Home theater is truly for everyone — regardless of the size of your house or apartment, your economic wealth, or your taste in movies. And home theater is bound to mean something different to everyone. It's not just about boxes, cables, and remotes, or about discs, records, and cassettes: A home theater can be a real adventure.
When you hear the term home theater, you probably think of big screens, cool sound, DVDs, CDs, and lots of remote controls sitting around your living room. And football games, popcorn, and other fun images, probably sneak into that image as well.
The basic home theater
So what's in a home theater? Well, a home theater is largely what you make of it, but at least three major elements constitute the core of a home theater:
- A large-screen display: More and more, the receiver aspect of a television is being divorced from the display aspect, in the form of set-top boxes, external TV tuners, computers, and other source devices. Appropriately, the display is being optimized for what its main purpose is — displaying the wide range of video output from a home theater system. These displays can be huge —more than 120 inches diagonally, which is 10 feet for those of you who didn't do the math!
- A digital video source: Although you could say that a digital satellite or cable service is a digital video source, the mandate is DVD capability. DVD is the focal point for all digital video innovation that will drive your home theater.
- A surround-sound capability: You need to have surround sound to take advantage of all the audio power stored in your DVD content. With surround sound, you are truly starting to mimic the theater experience.
If you lack any of these elements, you really don't have a home theater. Without the display and surround sound, you lose the impact of the visual and audio experience, and without a digital video source, you just have a loud and big TV system. You really need all three. Figure 1 shows these elements in their native environment — your home.
Figure 1: A home theater with a surround-sound system, a video display, and a digital video source.
The complete home theater
This section shows a fairly comprehensive list of what you typically put in your home theater. (The list doesn't include all-in-one units because they merely integrate various combinations of these devices into one unit.)
- Sources: These provide the content you watch or listen to.
• Tape cassette player/recorder
• CD player/recorder/MP3 player/audio server
• Turntable
• AM/FM tuner
• DVD player
• VCR
• Personal video recorder
• Camcorder
• Satellite or cable set-top box
• Gaming console
• Home theater PC or Windows XP Media Center PC (a specific Microsoft software product)

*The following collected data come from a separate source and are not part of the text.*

Lemma card_mul_sumsq_le t j :
  #|T j|%:R * \sum_(a : D) t a ^+ 2 <= #|D|%:R * spec_norm t ^+ 2.
Proof.
have [a0 _|D0] := pickP (@predT D); last first.
  by rewrite big_pred0 // mulr0 mulr_ge0 ?sqr_ge0.
pose fibre_sumsq a := \sum_(y : T j) t (dfset a j y) ^+ 2.
have [a heavy_a] := exists_ge_mean a0 fibre_sumsq.
rewrite -sum_fibre_sumsq (le_trans heavy_a) // ler_wpM2l //.
rewrite -ler_sqrt ?sqr_ge0 // sqrtr_sqr.
exact: le_trans (fibre_norm_le_spec_norm t a j) (ler_norm _).
Qed.

End SpectralNorm.

Section Unfolding.
Context {k d : nat} {P : {set {set 'I_k}}}.
Local Notation multi_index := {ffun 'I_k -> 'I_d}.
Local Notation block_index := {dffun forall B : blk P, blk_index d B}.

Lemma card_blk_index (B : blk P) : #|blk_index d B| = (d ^ #|val B|)%N.
Proof. by rewrite card_ffun card_ord card_sig. Qed.

Definition unfold_index (g : multi_index) : block_index :=
  [ffun B => [ffun j => g (val j)] : blk_index d B].

Hypothesis partP : partition P [set: 'I_k].

Let P_cover i : i \in cover P.
Proof. by case/and3P: partP => /eqP->; rewrite in_setT. Qed.

Definition block_of (i : 'I_k) : blk P :=
  exist _ (pblock P i) (pblock_mem (P_cover i)).

Let in_block_of i : i \in val (block_of i).
Proof. exact: etrans (mem_pblock P i) (P_cover i). Qed.

Definition fold_index (idx : block_index) : multi_index :=
  [ffun i => idx (block_of i) (exist _ i (in_block_of i))].

Lemma unfold_indexK : cancel unfold_index fold_index.
Proof. by move=> g; apply/ffunP => i; rewrite !ffunE. Qed.
(* For every nice graph $G$ with maximum degree at most $4$, $\chi'_{qm\Sigma}(G)\le 7$.
   Context: All graphs are simple and finite. A $k$-edge-coloring of $G$ is any map $c:E(G)\to\{1,\dots,k\}$ (adjacent edges may share colors). It induces $\sigma_c(v)=\sum_{u\in N(v)}c(vu)$. The coloring is neighbor sum distinguishing (NSD) if $\sigma_c(u)\ne\sigma_c(v)$ for every edge $uv$. It is quasi-majority if every vertex $v$ is incident to at most $\lceil d(v)/2\rceil$ edges of each single color. $\chi'_{qm\Sigma}(G)$ denotes the least $k$ such that $G$ has a $k$-edge-coloring that is both quasi-majority and NSD. A graph is nice if it has no connected component isomorphic to $K_2$. *)

From mathcomp Require Import all_boot.
Set Implicit Arguments. Unset Strict Implicit. Unset Printing Implicit Defensive.

Definition simple_graph (T : finType) (e : rel T) : Prop :=
  symmetric e /\ irreflexive e.

Definition nbhd (T : finType) (e : rel T) (v : T) : {set T} := [set u | e v u].
Definition deg (T : finType) (e : rel T) (v : T) : nat := #|nbhd e v|.

(* An edge coloring is given as c : T -> T -> nat, where c u v is the color of
   the edge uv (only meaningful when e u v); it must be symmetric on edges. *)
Definition is_k_edge_coloring (T : finType) (e : rel T) (k : nat)
    (c : T -> T -> nat) : Prop :=
  forall u v, e u v -> c u v = c v u /\ 1 <= c u v <= k.

Definition sigma_c (T : finType) (e : rel T) (c : T -> T -> nat) (v : T) : nat :=
  \sum_(u in nbhd e v) c v u.

Definition nsd (T : finType) (e : rel T) (c : T -> T -> nat) : Prop :=
  forall u v, e u v -> sigma_c e c u <> sigma_c e c v.

Definition quasi_majority (T : finType) (e : rel T) (c : T -> T -> nat) : Prop :=
  forall (v : T) (i : nat), #|[set u | e v u & c v u == i]| <= uphalf (deg e v).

- Receivers/controllers: The heart of the system, these feed content to your displays and speakers.
• A/V receiver
• Controller/decoder
• Power amplifier
- Displays: This is what you watch.
• Direct-view, rear-projection, or flat-panel TV display
• Front-projection with separate display screen
- Speakers: These are what you listen to.
• Two front speakers
• One front center speaker
• Two side speakers
• Two or four rear speakers
• Subwoofer
- Connections: These are connections to content coming from outside your home.
• Over-the-air antenna
• Satellite or cable video feed
• Internet connectivity — preferably broadband, such as DSL or cable modem
Naturally, as you extend your home theater to other points in your home, you can add to the quantities mentioned here, but most of the components are the same. You also may choose different qualities and (in the case of displays) sizes of these things, but the basic formula remains the same, too.